REQUIRED WORK
Repeat nothing but the lines below running from the one containing "assert (0 < (b - u0)" to the one containing "assert (hub : u". Keep both end lines.

+++ DATA FOR THIS EXERCISE +++

(* Let $(X,\tau)$ be a Hausdorff extended locally convex space having a countable neighborhood base at $0_X$, with finest locally convex topology $\tau_F$, and let $\|\cdot\|$ be a norm on $X$ such that the linear functionals on $X$ continuous with respect to $\|\cdot\|$ are exactly the $\tau$-continuous linear functionals, i.e. $(X,\|\cdot\|)^*=(X,\tau)^*$. Then $\tau_F$ is the topology induced by the norm $\|\cdot\|$.
   Context: An extended seminorm on a vector space $X$ over $\mathbb{R}$ or $\mathbb{C}$ is a map $\rho:X\to[0,\infty]$ with $\rho(\alpha x)=|\alpha|\rho(x)$ and $\rho(x+y)\le\rho(x)+\rho(y)$. An extended locally convex space $(X,\tau)$ is a vector space with the topology induced by a family $\{\rho_i\}$ of extended seminorms (neighborhood base at $x_0$: $\{x:\max_{i\in J}\rho_i(x-x_0)<\varepsilon\}$, $J$ finite, $\varepsilon>0$). A locally convex topology is one induced in this way by finite-valued seminorms. The finest locally convex topology of $(X,\tau)$ is the locally convex topology $\tau_F\subseteq\tau$ such that every locally convex topology $\sigma\subseteq\tau$ on $X$ satisfies $\sigma\subseteq\tau_F$. *)

From HB Require Import structures.
From mathcomp Require Import all_boot all_order all_algebra.
From mathcomp Require Import boolp classical_sets cardinality reals constructive_ereal.
From mathcomp Require Export complex.
Set Implicit Arguments. Unset Strict Implicit. Unset Printing Implicit Defensive.
Import Order.TTheory GRing.Theory Num.Theory.
Local Open Scope classical_set_scope.
Local Open Scope ring_scope.

(* Scalars: a field K with an absolute value [sabs : K -> R] into the reals.
   Used with K = R, sabs = normr, and with K = R[i], sabs = complex modulus. *)
Section ELCS.
Context {R : realType} {K : fieldType} (sabs : K -> R) {X : lmodType K}.

Definition ext_seminorm (rho : X -> \bar R) : Prop :=
  [/\ forall x : X, (0 <= rho x)%E,
      forall (a : K) (x : X), rho (a *: x) = ((sabs a)%:E * rho x)%E &
      forall x y : X, (rho (x + y)%R <= rho x + rho y)%E].

Definition family_topology (I : Type) (rho : I -> X -> \bar R) : set (set X) :=
  [set U : set X | forall x0 : X, U x0 ->
     exists (J : set I) (eps : R), [/\ finite_set J, 0 < eps &
       [set x : X | forall i, J i -> (rho i (x - x0)%R < eps%:E)%E] `<=` U]].

Definition lc_topology (sigma : set (set X)) : Prop :=
  exists (I : Type) (rho : I -> X -> \bar R),
    [/\ forall i, ext_seminorm (rho i),
        forall i x, (rho i x < +oo)%E &
        sigma = family_topology rho].

Definition finest_lc_topology (tau tauF : set (set X)) : Prop :=
  [/\ lc_topology tauF, tauF `<=` tau &
      forall sigma, lc_topology sigma -> sigma `<=` tau -> sigma `<=` tauF].

Definition hausdorff_topology (tau : set (set X)) : Prop :=
  forall x y : X, x <> y ->
    exists U V, [/\ tau U, tau V, U x, V y & U `&` V = set0].

Definition nbhd_of (tau : set (set X)) (x : X) (N : set X) : Prop :=
  exists U, [/\ tau U, U x & U `<=` N].

Definition countable_nbhd_base_at0 (tau : set (set X)) : Prop :=
  exists B : nat -> set X,
    (forall n, nbhd_of tau 0 (B n)) /\
    (forall N, nbhd_of tau 0 N -> exists n, B n `<=` N).

Definition is_norm (nrm : X -> R) : Prop :=
  [/\ forall x, 0 <= nrm x,
      forall x, nrm x = 0 -> x = 0,
      forall (a : K) x, nrm (a *: x) = sabs a * nrm x &
      forall x y, nrm (x + y) <= nrm x + nrm y].

Definition norm_topology (nrm : X -> R) : set (set X) :=
  [set U : set X | forall x0 : X, U x0 ->
     exists eps : R, 0 < eps /\ [set x | nrm (x - x0) < eps] `<=` U].

Definition linear_functional (f : X -> K) : Prop :=
  forall (a : K) (x y : X), f (a *: x + y) = a * f x + f y.

Definition continuous_wrt (tau : set (set X)) (f : X -> K) : Prop :=
  forall (x0 : X) (eps : R), 0 < eps ->
    exists U, [/\ tau U, U x0 & forall x, U x -> sabs (f x - f x0) < eps].

End ELCS.

Definition cabs {R : realType} (z : R[i]) : R := ComplexField.Normc.normc z.
(* Let $b>0$, $\Delta>0$, $\sigma_\theta^2>0$ be real numbers and define $$E_1(a)=\begin{cases}\dfrac{b-\sqrt{\tfrac{b^2-\Delta a+\sqrt{(b^2-\Delta a)^2+\sigma_\theta^2a^2}}{2}}}{a}, & a\neq0,\\[1ex] \dfrac{\Delta}{2b}, & a=0,\end{cases}$$ and $\bar a=\frac{4b^2\Delta}{\sigma_\theta^2}$. Then $E_1(a)>0$ if and only if $a<\bar a$, and on the region $a<\bar a$ the function $E_1$ has a unique maximizer $a^\dagger$. Moreover, $a^\dagger>0$ iff $\sigma_\theta^2<\Delta^2$, $a^\dagger=0$ iff $\sigma_\theta^2=\Delta^2$, and $a^\dagger<0$ iff $\sigma_\theta^2>\Delta^2$. Finally, $a^\dagger<\frac{2b^2\Delta}{\Delta^2+\sigma_\theta^2}<\bar a$.
   Context: $E_1(a)$ is the expected effort in the affine symmetric Bayesian equilibrium of the cubic contest, where $\Delta=c-E[\theta]$ and $\sigma_\theta^2$ is the type variance. *)

From Stdlib Require Import Reals Lra.
Open Scope R_scope.

Definition E1_eff (b Dl s2 a : R) : R :=
  if Req_EM_T a 0 then Dl / (2 * b)
  else (b - sqrt ((b ^ 2 - Dl * a + sqrt ((b ^ 2 - Dl * a) ^ 2 + s2 * a ^ 2)) / 2)) / a.

Definition abar_thr (b Dl s2 : R) : R := 4 * b ^ 2 * Dl / s2.

From Stdlib Require Import Reals Lra Psatz.
Open Scope R_scope.

(** Write x = b^2 - Δa and Q(a) for the outer radical of E_1, so that a E_1(a) = b - Q(a)
    and Q(a)^2 is the larger root of P_a(y) = y^2 - x y - σ^2 a^2/4; for y > 0 the sign of
    P_a(y) tells on which side of Q(a)^2 the number y lies.  Taking y = b^2 gives
    E_1(a) (b + Q(a)) (Q(a)^2 + Δa) = Δb^2 - σ^2 a/4, whence the sign of E_1.

    For the maximum, E_1(a) >= e forces b - e a > 0 and a P_a((b - e a)^2) >= 0.  Choose u
    (which will be e a† = b - Q(a†)) by the intermediate value theorem so that
    σ^2 c^2 = Δ^2 (b - u)^3 (b + u) with c = b^2 + b u - u^2, and set e = Δ(b + u)/(2c).
    Then P_a((b - e a)^2) = a e^3 (a - a†)^2 (e a - 2b^2/(b + u)) with a† = 2cu/(Δ(b + u)),
    and the last factor is negative as soon as b - e a > 0: so E_1(a) >= e only at a = a†,
    where E_1(a†) = e.  Both a† and Δ^2 - σ^2 are positive multiples of u. *)

Lemma pow2_nonpos_eq0 (x : R) : x ^ 2 <= 0 -> x = 0.
Proof.
  intros h; apply Rsqr_0_uniq; unfold Rsqr.
  pose proof (pow2_ge_0 x); replace (x * x) with (x ^ 2) by ring; lra.
Qed.

Lemma quad_factor (x k q y : R) : q * (q - x) = k ->
  y ^ 2 - x * y - k = (y - q) * (y + q - x).
Proof. intros <-; ring. Qed.

Lemma le_root_iff (x k q y : R) : q * (q - x) = k -> x <= q -> 0 < y ->
  (y <= q <-> y ^ 2 - x * y - k <= 0).
Proof.
  intros hk hxq hy; rewrite (quad_factor x k q y hk).
  assert (0 < y + q - x) by lra.
  split; intros h; nra.
Qed.

Lemma lt_root_iff (x k q y : R) : q * (q - x) = k -> x <= q -> 0 < y ->
  (y < q <-> y ^ 2 - x * y - k < 0).
Proof.
  intros hk hxq hy; rewrite (quad_factor x k q y hk).
  assert (0 < y + q - x) by lra.
  split; intros h; nra.
Qed.

Section Effort.

Variables b Dl s : R.
Hypotheses (hb : 0 < b) (hD : 0 < Dl) (hs : 0 < s).

Definition Qsq (a : R) : R :=
  (b ^ 2 - Dl * a + sqrt ((b ^ 2 - Dl * a) ^ 2 + s * a ^ 2)) / 2.

Definition Q (a : R) : R := sqrt (Qsq a).

Definition Qpoly (a y : R) : R := y ^ 2 - (b ^ 2 - Dl * a) * y - s * a ^ 2 / 4.

Lemma Qsq_root (a : R) : Qsq a * (Qsq a - (b ^ 2 - Dl * a)) = s * a ^ 2 / 4.
Proof.
  unfold Qsq; set (x := b ^ 2 - Dl * a).
  assert (hS : sqrt (x ^ 2 + s * a ^ 2) * sqrt (x ^ 2 + s * a ^ 2) = x ^ 2 + s * a ^ 2)
    by (apply sqrt_sqrt; nra).
  nra.
Qed.

Lemma Qsq_ge (a : R) : b ^ 2 - Dl * a <= Qsq a.
Proof.
  unfold Qsq; set (x := b ^ 2 - Dl * a).
  assert (hS : sqrt (x ^ 2 + s * a ^ 2) * sqrt (x ^ 2 + s * a ^ 2) = x ^ 2 + s * a ^ 2)
    by (apply sqrt_sqrt; nra).
  pose proof (sqrt_pos (x ^ 2 + s * a ^ 2)).
  nra.
Qed.

Lemma Qsq_pos (a : R) : 0 < Qsq a.
Proof.
  pose proof (Qsq_root a) as hroot; pose proof (Qsq_ge a) as hge.
  destruct (Req_dec a 0) as [-> | ha].
  - nra.
  - pose proof (Rsqr_pos_lt a ha); unfold Rsqr in *.
    nra.
Qed.

Lemma Qsq_0 : Qsq 0 = b ^ 2.
Proof.
  unfold Qsq.
  replace ((b ^ 2 - Dl * 0) ^ 2 + s * 0 ^ 2) with ((b ^ 2) ^ 2) by ring.
  rewrite sqrt_pow2 by nra.
  field.
Qed.

Lemma Q_pos (a : R) : 0 < Q a.
Proof. apply sqrt_lt_R0, Qsq_pos. Qed.

Lemma Q_sq (a : R) : Q a ^ 2 = Qsq a.
Proof. apply pow2_sqrt, Rlt_le, Qsq_pos. Qed.

Lemma Q_0 : Q 0 = b.
Proof. unfold Q; rewrite Qsq_0; apply sqrt_pow2; lra. Qed.

Lemma le_Qsq_iff (a y : R) : 0 < y -> (y <= Qsq a <-> Qpoly a y <= 0).
Proof. apply le_root_iff; [apply Qsq_root | apply Qsq_ge]. Qed.

Lemma lt_Qsq_iff (a y : R) : 0 < y -> (y < Qsq a <-> Qpoly a y < 0).
Proof. apply lt_root_iff; [apply Qsq_root | apply Qsq_ge]. Qed.

Lemma E1_eff_0 : E1_eff b Dl s 0 = Dl / (2 * b).
Proof. unfold E1_eff; destruct (Req_EM_T 0 0); [reflexivity | contradiction]. Qed.

Lemma E1_eff_neq0 (a : R) : a <> 0 -> E1_eff b Dl s a = (b - Q a) / a.
Proof. intros ha; unfold E1_eff; destruct (Req_EM_T a 0); [contradiction | reflexivity]. Qed.

Lemma mul_E1_eff (a : R) : a * E1_eff b Dl s a = b - Q a.
Proof.
  destruct (Req_dec a 0) as [-> | ha].
  - rewrite Q_0; ring.
  - rewrite E1_eff_neq0 by exact ha; field; exact ha.
Qed.

Lemma E1_eff_factor (a : R) :
  E1_eff b Dl s a * ((b + Q a) * (Qsq a + Dl * a)) = Dl * b ^ 2 - s * a / 4.
Proof.
  destruct (Req_dec a 0) as [-> | ha].
  - rewrite E1_eff_0, Q_0, Qsq_0; field; lra.
  - apply (Rmult_eq_reg_l a); [| exact ha].
    replace (a * (E1_eff b Dl s a * ((b + Q a) * (Qsq a + Dl * a))))
      with (a * E1_eff b Dl s a * (b + Q a) * (Qsq a + Dl * a)) by ring.
    rewrite mul_E1_eff.
    replace ((b - Q a) * (b + Q a)) with (b ^ 2 - Qsq a) by (rewrite <- Q_sq; ring).
    pose proof (Qsq_root a).
    nra.
Qed.

Lemma E1_eff_pos_iff (a : R) : 0 < E1_eff b Dl s a <-> a < abar_thr b Dl s.
Proof.
  pose proof (E1_eff_factor a) as hfac.
  assert (hW : 0 < (b + Q a) * (Qsq a + Dl * a)).
  { pose proof (Q_pos a); pose proof (Qsq_ge a). apply Rmult_lt_0_compat; nra. }
  assert (habar : abar_thr b Dl s * s = 4 * b ^ 2 * Dl) by (unfold abar_thr; field; lra).
  split; intros h; nra.
Qed.

Lemma bound_lt_abar : 2 * b ^ 2 * Dl / (Dl ^ 2 + s) < abar_thr b Dl s.
Proof.
  unfold abar_thr; apply Rlt_0_minus.
  assert (0 < b ^ 2) by (apply pow_lt; lra).
  replace (4 * b ^ 2 * Dl / s - 2 * b ^ 2 * Dl / (Dl ^ 2 + s))
    with (2 * b ^ 2 * Dl * (2 * Dl ^ 2 + s) / (s * (Dl ^ 2 + s))) by (field; nra).
  apply Rdiv_lt_0_compat; apply Rmult_lt_0_compat; nra.
Qed.

Lemma E1_eff_ge_level (a t : R) : a <> 0 -> 0 < t -> t <= E1_eff b Dl s a ->
  0 < b - t * a /\ 0 <= a * Qpoly a ((b - t * a) ^ 2).
Proof.
  intros ha ht hle.
  pose proof (mul_E1_eff a) as hE; pose proof (Q_pos a) as hQ; pose proof (Q_sq a) as hQ2.
  assert (hpos_lev : 0 < b - t * a) by nra.
  assert (hy : 0 < (b - t * a) ^ 2) by (apply pow_lt; exact hpos_lev).
  split; [exact hpos_lev |].
  destruct (Rlt_or_le 0 a) as [hpos | hneg].
  - assert (hlev : Q a <= b - t * a) by nra.
    assert (hP : ~ Qpoly a ((b - t * a) ^ 2) < 0).
    { rewrite <- lt_Qsq_iff, <- hQ2 by exact hy. apply Rle_not_lt, pow_incr; lra. }
    apply Rnot_lt_le in hP.
    nra.
  - assert (hlev : b - t * a <= Q a) by nra.
    assert (hP : Qpoly a ((b - t * a) ^ 2) <= 0).
    { rewrite <- le_Qsq_iff, <- hQ2 by exact hy. apply pow_incr; lra. }
    nra.
Qed.

Definition peak_c (u : R) : R := b ^ 2 + b * u - u ^ 2.

Lemma peak_param_exists : exists u : R,
  0 < b + u /\ u < b /\ 0 < peak_c u /\ s * peak_c u ^ 2 = Dl ^ 2 * (b - u) ^ 3 * (b + u).
Proof.
  set (f u := s * peak_c u ^ 2 - Dl ^ 2 * (b - u) ^ 3 * (b + u)).
  assert (h5 : sqrt 5 * sqrt 5 = 5) by (apply sqrt_sqrt; lra).
  assert (h5pos : 0 <= sqrt 5) by apply sqrt_pos.
  assert (h5lo : 2 < sqrt 5) by nra.
  assert (h5hi : sqrt 5 < 3) by nra.
  set (u0 := b * (1 - sqrt 5) / 2).
  set (u1 := b * (1 + sqrt 5) / 2).
  assert (hfac : forall u, peak_c u = (u - u0) * (u1 - u))
    by (intro u; unfold peak_c, u0, u1; nra).
  assert (hf0 : f u0 < 0).
  { unfold f; rewrite hfac; replace (u0 - u0) with 0 by ring.
    assert (0 < Dl ^ 2) by (apply pow_lt; lra).
    assert (0 < (b - u0) ^ 3) by (apply pow_lt; unfold u0; nra).
    assert (0 < b + u0) by (unfold u0; nra).
    assert (0 < Dl ^ 2 * (b - u0) ^ 3) by (apply Rmult_lt_0_compat; lra).
    nra. }
  assert (hfb : 0 < f b).
  { unfold f, peak_c; replace (b - b) with 0 by ring.
    assert (0 < b ^ 2) by (apply pow_lt; lra).
    assert (0 < (b ^ 2 + b * b - b ^ 2) ^ 2) by (apply pow_lt; nra).
    nra. }
  assert (hcont : continuity f) by (unfold f, peak_c; reg).
  assert (hu0b : u0 < b) by (unfold u0; nra).
  destruct (IVT f u0 b hcont hu0b hf0 hfb) as [u [[hlo hhi] hfu]].
  assert (hu0 : u0 < u) by (destruct hlo as [? | <-]; [assumption | lra]).
  assert (hub : u < b) by (destruct hhi as [? | ->]; [assumption | lra]).
  exists u; split; [unfold u0 in hu0; nra |].
  split; [exact hub |].
  split; [rewrite hfac; apply Rmult_lt_0_compat; unfold u1; nra | unfold f in hfu; lra].
Qed.

Section Peak.

Variable u : R.
Hypotheses (hbu : 0 < b + u) (hub : u < b) (hc : 0 < peak_c u)
  (htan : s * peak_c u ^ 2 = Dl ^ 2 * (b - u) ^ 3 * (b + u)).

Definition peak_value : R := Dl * (b + u) / (2 * peak_c u).
Definition peak_arg : R := 2 * peak_c u * u / (Dl * (b + u)).

Lemma s_tangency : s = Dl ^ 2 * (b - u) ^ 3 * (b + u) / peak_c u ^ 2.
Proof. rewrite <- htan; field; lra. Qed.

Lemma peak_quartic (a : R) :
  Qpoly a ((b - peak_value * a) ^ 2)
  = a * peak_value ^ 3 * (a - peak_arg) ^ 2 * (peak_value * a - 2 * b ^ 2 / (b + u)).
Proof.
  unfold Qpoly; rewrite s_tangency.
  unfold peak_value, peak_arg, peak_c in *; field; lra.
Qed.

Lemma peak_value_pos : 0 < peak_value.
Proof. unfold peak_value; apply Rdiv_lt_0_compat; nra. Qed.

Lemma peak_value_mul_arg : peak_value * peak_arg = u.
Proof. unfold peak_value, peak_arg; field; lra. Qed.

Lemma E1_eff_peak_arg : E1_eff b Dl s peak_arg = peak_value.
Proof.
  destruct (Req_dec u 0) as [hu0 | hu0].
  - assert (hal : peak_arg = 0) by (unfold peak_arg; rewrite hu0; field; lra).
    rewrite hal, E1_eff_0; unfold peak_value, peak_c; rewrite hu0; field; lra.
  - assert (hal : peak_arg <> 0).
    { intros h; apply hu0; rewrite <- peak_value_mul_arg, h; ring. }
    pose proof (peak_quartic peak_arg) as hq.
    rewrite peak_value_mul_arg in hq.
    replace (peak_arg - peak_arg) with 0 in hq by ring.
    assert (hy : 0 < (b - u) ^ 2) by (apply pow_lt; lra).
    assert (hQsq : (b - u) ^ 2 = Qsq peak_arg).
    { apply Rle_antisym.
      - rewrite le_Qsq_iff, hq by exact hy; lra.
      - apply Rnot_lt_le; rewrite lt_Qsq_iff, hq by exact hy; lra. }
    assert (hQ : Q peak_arg = b - u) by (unfold Q; rewrite <- hQsq; apply sqrt_pow2; lra).
    apply (Rmult_eq_reg_l peak_arg); [| exact hal].
    rewrite mul_E1_eff, hQ, Rmult_comm, peak_value_mul_arg; ring.
Qed.

Lemma E1_eff_ge_peak (a : R) : peak_value <= E1_eff b Dl s a -> a = peak_arg.
Proof.
  intros hge.
  pose proof peak_value_pos as he.
  destruct (Req_dec a 0) as [-> | ha].
  - rewrite E1_eff_0 in hge; unfold peak_value in hge.
    assert (hcross : Dl * (b + u) * b <= Dl * peak_c u).
    { apply (Rmult_le_reg_r (/ (2 * b * peak_c u))); [apply Rinv_0_lt_compat; nra |].
      replace (Dl * (b + u) * b * / (2 * b * peak_c u)) with (Dl * (b + u) / (2 * peak_c u))
        by (field; lra).
      replace (Dl * peak_c u * / (2 * b * peak_c u)) with (Dl / (2 * b)) by (field; lra).
      exact hge. }
    assert (hu2 : u ^ 2 <= 0) by (unfold peak_c in hcross; nra).
    assert (hu0 : u = 0) by (apply pow2_nonpos_eq0, hu2).
    unfold peak_arg; rewrite hu0; field; lra.
  - destruct (E1_eff_ge_level a peak_value ha he hge) as [hlev hsgn].
    rewrite peak_quartic in hsgn.
    assert (hfar : peak_value * a < 2 * b ^ 2 / (b + u)).
    { apply (Rlt_le_trans _ b); [lra |].
      apply (Rmult_le_reg_r (b + u)); [exact hbu |].
      unfold Rdiv; rewrite Rmult_assoc, Rinv_l by lra; nra. }
    assert (hK : 0 < a ^ 2 * peak_value ^ 3 * (2 * b ^ 2 / (b + u) - peak_value * a)).
    { apply Rmult_lt_0_compat; [apply Rmult_lt_0_compat |]; [| apply pow_lt |]; try lra.
      pose proof (Rsqr_pos_lt a ha); unfold Rsqr in *; nra. }
    assert (hsq : (a - peak_arg) ^ 2 <= 0).
    { replace (a * (a * peak_value ^ 3 * (a - peak_arg) ^ 2
                     * (peak_value * a - 2 * b ^ 2 / (b + u))))
        with (- (a ^ 2 * peak_value ^ 3 * (2 * b ^ 2 / (b + u) - peak_value * a))
              * (a - peak_arg) ^ 2) in hsgn by ring.
      nra. }
    apply Rminus_diag_uniq, pow2_nonpos_eq0, hsq.
Qed.

Lemma E1_eff_le_peak (a : R) : E1_eff b Dl s a <= peak_value.
Proof.
  apply Rnot_lt_le; intros hlt.
  assert (a = peak_arg) as -> by (apply E1_eff_ge_peak; lra).
  rewrite E1_eff_peak_arg in hlt; lra.
Qed.

Lemma peak_sign_cases :
  (0 < peak_arg /\ s < Dl ^ 2) \/ (peak_arg = 0 /\ s = Dl ^ 2) \/ (peak_arg < 0 /\ Dl ^ 2 < s).
Proof.
  set (g := 2 * (b - u) * peak_c u + b ^ 2 * (2 * b - u)).
  assert (hg : 0 < g) by (unfold g; nra).
  assert (hgap : Dl ^ 2 - s = u * (Dl ^ 2 * g / peak_c u ^ 2)).
  { rewrite s_tangency; unfold g, peak_c in *; field; lra. }
  assert (hal : peak_arg = u * (2 * peak_c u / (Dl * (b + u)))) by (unfold peak_arg; field; lra).
  assert (hk1 : 0 < Dl ^ 2 * g / peak_c u ^ 2).
  { apply Rdiv_lt_0_compat; [apply Rmult_lt_0_compat; [apply pow_lt |] | apply pow_lt]; lra. }
  assert (hk2 : 0 < 2 * peak_c u / (Dl * (b + u))) by (apply Rdiv_lt_0_compat; nra).
  destruct (Rtotal_order u 0) as [hu | [hu | hu]].
  - right; right; split; nra.
  - right; left; rewrite hu, Rmult_0_l in hal, hgap; split; lra.
  - left; split; nra.
Qed.

Lemma peak_arg_lt_bound : peak_arg < 2 * b ^ 2 * Dl / (Dl ^ 2 + s).
Proof.
  assert (hden : 0 < 2 * b ^ 2 - u ^ 2) by nra.
  replace (2 * b ^ 2 * Dl / (Dl ^ 2 + s)) with (2 * peak_c u ^ 2 / (Dl * (2 * b ^ 2 - u ^ 2))).
  2: { assert (0 < Dl ^ 2 * (b - u) ^ 3 * (b + u))
         by (repeat apply Rmult_lt_0_compat; try apply pow_lt; lra).
       pose proof (pow2_ge_0 (Dl * peak_c u)).
       rewrite s_tangency; unfold peak_c in *; field; repeat split; nra. }
  apply Rlt_0_minus.
  replace (2 * peak_c u ^ 2 / (Dl * (2 * b ^ 2 - u ^ 2)) - peak_arg)
    with (2 * peak_c u * b ^ 3 / (Dl * (b + u) * (2 * b ^ 2 - u ^ 2)))
    by (unfold peak_arg, peak_c in *; field; nra).
  apply Rdiv_lt_0_compat; [| apply Rmult_lt_0_compat; nra].
  assert (0 < b ^ 3) by (apply pow_lt; lra). nra.
Qed.

End Peak.

End Effort.

Theorem theorem6 (b Dl s2 : R) (hb : 0 < b) (hD : 0 < Dl) (hs : 0 < s2) :
  (forall a : R, 0 < E1_eff b Dl s2 a <-> a < abar_thr b Dl s2) /\
  exists adag : R,
    adag < abar_thr b Dl s2 /\
    (forall a : R, a < abar_thr b Dl s2 -> E1_eff b Dl s2 a <= E1_eff b Dl s2 adag) /\
    (forall a : R, a < abar_thr b Dl s2 ->
       (forall a' : R, a' < abar_thr b Dl s2 -> E1_eff b Dl s2 a' <= E1_eff b Dl s2 a) -> a = adag) /\
    (0 < adag <-> s2 < Dl ^ 2) /\
    (adag = 0 <-> s2 = Dl ^ 2) /\
    (adag < 0 <-> s2 > Dl ^ 2) /\
    adag < 2 * b ^ 2 * Dl / (Dl ^ 2 + s2) /\
    2 * b ^ 2 * Dl / (Dl ^ 2 + s2) < abar_thr b Dl s2.
Proof.
  split; [intros a; apply E1_eff_pos_iff; assumption |].
  destruct (peak_param_exists b Dl s2 hb hD hs) as (u & hbu & hub & hc & htan).
  pose proof (bound_lt_abar b Dl s2 hb hD hs) as hbar.
  pose proof (peak_arg_lt_bound b Dl s2 hb hD u hbu hub hc htan) as hbound.
  pose proof (E1_eff_peak_arg b Dl s2 hb hD hs u hbu hub hc htan) as hpeak.
  exists (peak_arg b Dl u).
  split; [lra |].
  split.
  { intros a _; rewrite hpeak; exact (E1_eff_le_peak b Dl s2 hb hD hs u hbu hub hc htan a). }
  split.
  { intros a _ hmax; apply (E1_eff_ge_peak b Dl s2 hb hD hs u hbu hub hc htan).
    rewrite <- hpeak; apply hmax; lra. }
  destruct (peak_sign_cases b Dl s2 hD u hbu hub hc htan) as [h | [h | h]];
    repeat split; intros; lra.
Qed.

+++

SOLVED EXERCISE
    assert (0 < (b - u0) ^ 3) by (apply pow_lt; unfold u0; nra).
    assert (0 < b + u0) by (unfold u0; nra).
    assert (0 < Dl ^ 2 * (b - u0) ^ 3) by (apply Rmult_lt_0_compat; lra).
    nra. }
  assert (hfb : 0 < f b).
  { unfold f, peak_c; replace (b - b) with 0 by ring.
    assert (0 < b ^ 2) by (apply pow_lt; lra).
    assert (0 < (b ^ 2 + b * b - b ^ 2) ^ 2) by (apply pow_lt; nra).
    nra. }
  assert (hcont : continuity f) by (unfold f, peak_c; reg).
  assert (hu0b : u0 < b) by (unfold u0; nra).
  destruct (IVT f u0 b hcont hu0b hf0 hfb) as [u [[hlo hhi] hfu]].
  assert (hu0 : u0 < u) by (destruct hlo as [? | <-]; [assumption | lra]).
  assert (hub : u < b) by (destruct hhi as [? | ->]; [assumption | lra]).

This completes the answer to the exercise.